Maradona's ex-teammates deny knowingly using drugs
BUENOS AIRES, Argentina (AP) — Former Argentina teammates of Diego Maradona back his claims that there were no drug tests before a World Cup playoff with Australia in 1993. They also say they had no knowledge of receiving performance-enhancing drugs.
Maradona said on Argentine television Monday that the players were given an unspecified stimulant before the two-legged playoff to decide which team would qualify for the 1994 World Cup in the U.S.
"What happened is that to play against Australia we were given a speedy coffee. They put something in the coffee and that's why we ran more," Maradona told "The Football Show."
Maradona said Argentine Football Association President Julio Grondona knew about the doping.
"Why weren't there any anti-doping controls in the match with Australia if we had them in all the other games?" Maradona asked. "They give you 10 anti-doping controls and only the match that decides whether Argentina will go to the United States or not, there is no anti-doping control. That's the cheat and Grondona knew about it."
Grondona has made no comment.
In the first game, the teams drew 1-1 in Sydney. Argentina then won 1-0 in Buenos Aires to reach the 1994 tournament.
Maradona's teammates agreed there were no drug tests before the matches but deny knowingly taking any illegal substances.
"We knew there wasn't going to be any anti-doping control a few days before, but we didn't attach any importance to it," midfielder Hugo Perez told The Associated Press on Tuesday. "We just concentrated on playing, but what Diego said about there being no control is true."

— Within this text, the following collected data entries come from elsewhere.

Theorem double_commutant_envelop J : #|G|%:R != 0 :> F ->
  (forall a b, comm_mx J (reynolds (delta_mx a b))) -> (J \in E_G)%MS.
Proof.
(* Averaging a projection pi onto E_G gives a map into E_G sending J to
   J * (#|G| *: 1). *)
move=> nzG cJ.
pose pi : {linear 'M[F]_N -> 'M[F]_N} :=
  vec_mx \o mulmxr (proj_mx <<E_G>>%MS (<<E_G>>^C)%MS) \o mxvec.
have pi_sub Y : (pi Y \in E_G)%MS by rewrite /= vec_mxK -(genmxE E_G) proj_mx_sub.
have pi_id A : (A \in E_G)%MS -> pi A = A.
  by move=> EA; rewrite /= proj_mx_id ?mxvecK ?capmx_compl ?genmxE.
have pi_avg1 : equivariant_avg pi 1%:M = #|G|%:R *: 1%:M.
  rewrite /equivariant_avg scaler_nat -sumr_const; apply: eq_bigr => x Gx.
  by rewrite mulmx1 pi_id ?envelop_mx_id // -repr_mxM ?groupV // mulVg repr_mx1.
have pi_avg_sub Y : (equivariant_avg pi Y \in E_G)%MS.
  rewrite linear_sum summx_sub // => x Gx.
  by rewrite envelop_mxM ?envelop_mx_id ?groupV.
have := pi_avg_sub J; rewrite -{1}[J]mulmx1 equivariant_avg_mulmxl // pi_avg1.
rewrite -scalemxAr mulmx1 => EG_nJ.
by rewrite -(scalerK nzG J) linearZ scalemx_sub.
Qed.

End ReynoldsOperator.

Section PermutationRepresentation.

Variables (F : fieldType) (d n : nat).
Local Notation idx i := (enum_val i : tidx d n).
Local Notation P := (perm_op F d).

(* perm_op is an anti-homomorphism (perm_op_mul), hence the inverse. *)
Lemma perm_op_inv_repr : mx_repr [set: 'S_n] (fun s => P (s^-1)%g).
Proof. by split=> [|s t _ _]; rewrite ?invg1 ?perm_op1 // invMg perm_op_mul. Qed.

Definition perm_rep := MxRepresentation perm_op_inv_repr.

Lemma envelop_perm_rep_span (J : tens F d n) :
  (J \in enveloping_algebra_mx perm_rep)%MS -> in_perm_span J.
Proof.
case/envelop_mxP => a ->; exists (fun s => a (s^-1)%g).
rewrite [RHS](reindex_inj invg_inj); apply: eq_big => [s | s _]; rewrite ?in_setT //=.
by rewrite invgK.
Qed.

Lemma reynolds_perm_rep_delta i j :
  reynolds perm_rep (delta_mx i j) =
  \sum_(s : 'S_n) kron (fun k => delta_mx (idx i (s k)) (idx j (s k))).
Proof.
rewrite /reynolds [RHS](reindex_inj invg_inj) /=.
apply: eq_big => [s | s _]; first by rewrite in_setT.
by rewrite invgK -kron_delta_mx perm_op_conj_kron.
Qed.

Lemma comm_reynolds_perm_rep (J : tens F d n) :
  (forall A, comm_mx J (kpow A)) ->
  forall i j, comm_mx J (reynolds perm_rep (delta_mx i j)).
Proof.
move=> cJ i j; rewrite reynolds_perm_rep_delta.
rewrite (kron_polarization (fun k => delta_mx (idx i k) (idx j k))).
by apply: comm_mx_sum => e _; rewrite /comm_mx -scalemxAl -scalemxAr cJ.
Qed.

End PermutationRepresentation.

Section TensorPolynomialConjugation.

Variables (F : fieldType) (d m n : nat) (g : 'M[F]_d).
Hypothesis gU : g \in unitmx.

Lemma eval_word_conj (x : 'I_m -> 'M[F]_d) w :
  eval_word (fun c => g *m x c *m invmx g) w = g *m eval_word x w *m invmx g.
Proof.
elim: w => [|c w IHw] /=; first by rewrite mulmx1 mulmxV.
by rewrite IHw !mulmxA mulmxKV.
Qed.

Lemma eval_tpoly_conj (G : tpoly F m n) x :
  eval_tpoly G (fun c => g *m x c *m invmx g) =
  kpow g *m eval_tpoly G x *m kpow (invmx g).
Proof.
rewrite /eval_tpoly mulmx_sumr mulmx_suml; apply: eq_bigr => t _.
rewrite -scalemxAr -scalemxAl !kron_mul; congr (_ *: _); apply: eq_kron => k.
by rewrite eval_word_conj.
Qed.

Lemma GL_invariant_comm (J : tens F d n) :
  GL_invariant J -> comm_mx J (kpow g).
Proof.
move=> J_inv; rewrite /comm_mx -{1}(J_inv g gU) -!mulmxA kron_mul.
have -> : kpow (invmx g *m g) = 1%:M :> tens F d n.
  by rewrite -kron1; apply: eq_kron => k; rewrite mulVmx.
by rewrite mulmx1.
Qed.

End TensorPolynomialConjugation.

Theorem mainTheorem2 (F : fieldType) (d n : nat)
  (G : tpoly F (d * d) n) :
  [pchar F] =i pred0 ->
  (0 < d)%N -> (0 < n)%N ->
  multilinear_fun (fun x : 'I_(d * d) -> 'M[F]_d => eval_tpoly G x) ->
  alternating_fun (fun x : 'I_(d * d) -> 'M[F]_d => eval_tpoly G x) ->
  exists J : tens F d n,
    [/\ GL_invariant J, in_perm_span J &
        forall x : 'I_(d * d) -> 'M[F]_d, eval_tpoly G x = detx x *: J].
Proof.
move=> F0 _ _ G_lin G_alt; pose J := eval_tpoly G (@elem_mx F d).
have G_detx x : eval_tpoly G x = detx x *: J := alternating_form_detx G_lin G_alt x.
have J_inv : GL_invariant J.
  by move=> g gU; rewrite -eval_tpoly_conj // G_detx detx_conj // detx_elem_mx scale1r.
exists J; split=> //; apply/envelop_perm_rep_span/double_commutant_envelop => [|a b].
  by rewrite ((pcharf0P F).1 F0) -lt0n; apply/card_gt0P; exists 1%g.
apply/comm_reynolds_perm_rep/(comm_kpow_of_units F0) => g gU.
exact: GL_invariant_comm.
Qed.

Perez said it was difficult to give precise details about what happened because it was a long time ago, but remembers the players could drink water or coffee.
Former defender Jose Chamot told Libre newspaper on Tuesday: "I didn't need those things. Sometimes they gave us vitamins as supplements for the journeys, but nothing more than that. If there had been anything to make the team run faster, I didn't participate."
Fellow defender Jorge Borelli also told the newspaper: "I didn't take any 'speedy coffee' ... I just drank tea and soft drinks."
At the 1994 World Cup, Maradona was suspended for testing positive for stimulants after a first-round match against Nigeria. Maradona's drug problem was an open secret at the time. Argentina lost its round of 16 match against Romania and was eliminated. FIFA subsequently banned Maradona for 15 months.
The feud between Maradona and Grondona first surfaced when Grondona decided not to renew Maradona's contract as Argentina coach after the 2010 World Cup.
Maradona called for the 79-year-old Grondona, who has led the federation for 32 years, to retire and make way for younger candidates.
"I'm old, but healthy," Grondona was quoted as saying. "Not like others who aren't (healthy) and not because of natural problems, but because of created problems."
Those comments infuriated Maradona, who interpreted them as thinly veiled references to his drug history. Maradona said he has been clean for more than seven years and pledged to sue Grondona.
He also admonished the Argentine government under Cristina Fernandez for protecting Grondona because of a television deal with the AFA to broadcast national league matches for free.
Argentine cabinet chief Anibal Fernandez rejected the idea that Grondona had any special protection.
"Nobody is looking after anybody," he said on Monday.
Another teammate of Maradona's said it was time for the mudslinging to stop.
"It's craziness that this has happened it's all a political question," Carlos Mac Allister told the newspaper Clarin.
"They want to get rid of Grondona and they don't realize that they are involving and dirtying many people. History will tell who is who," he added.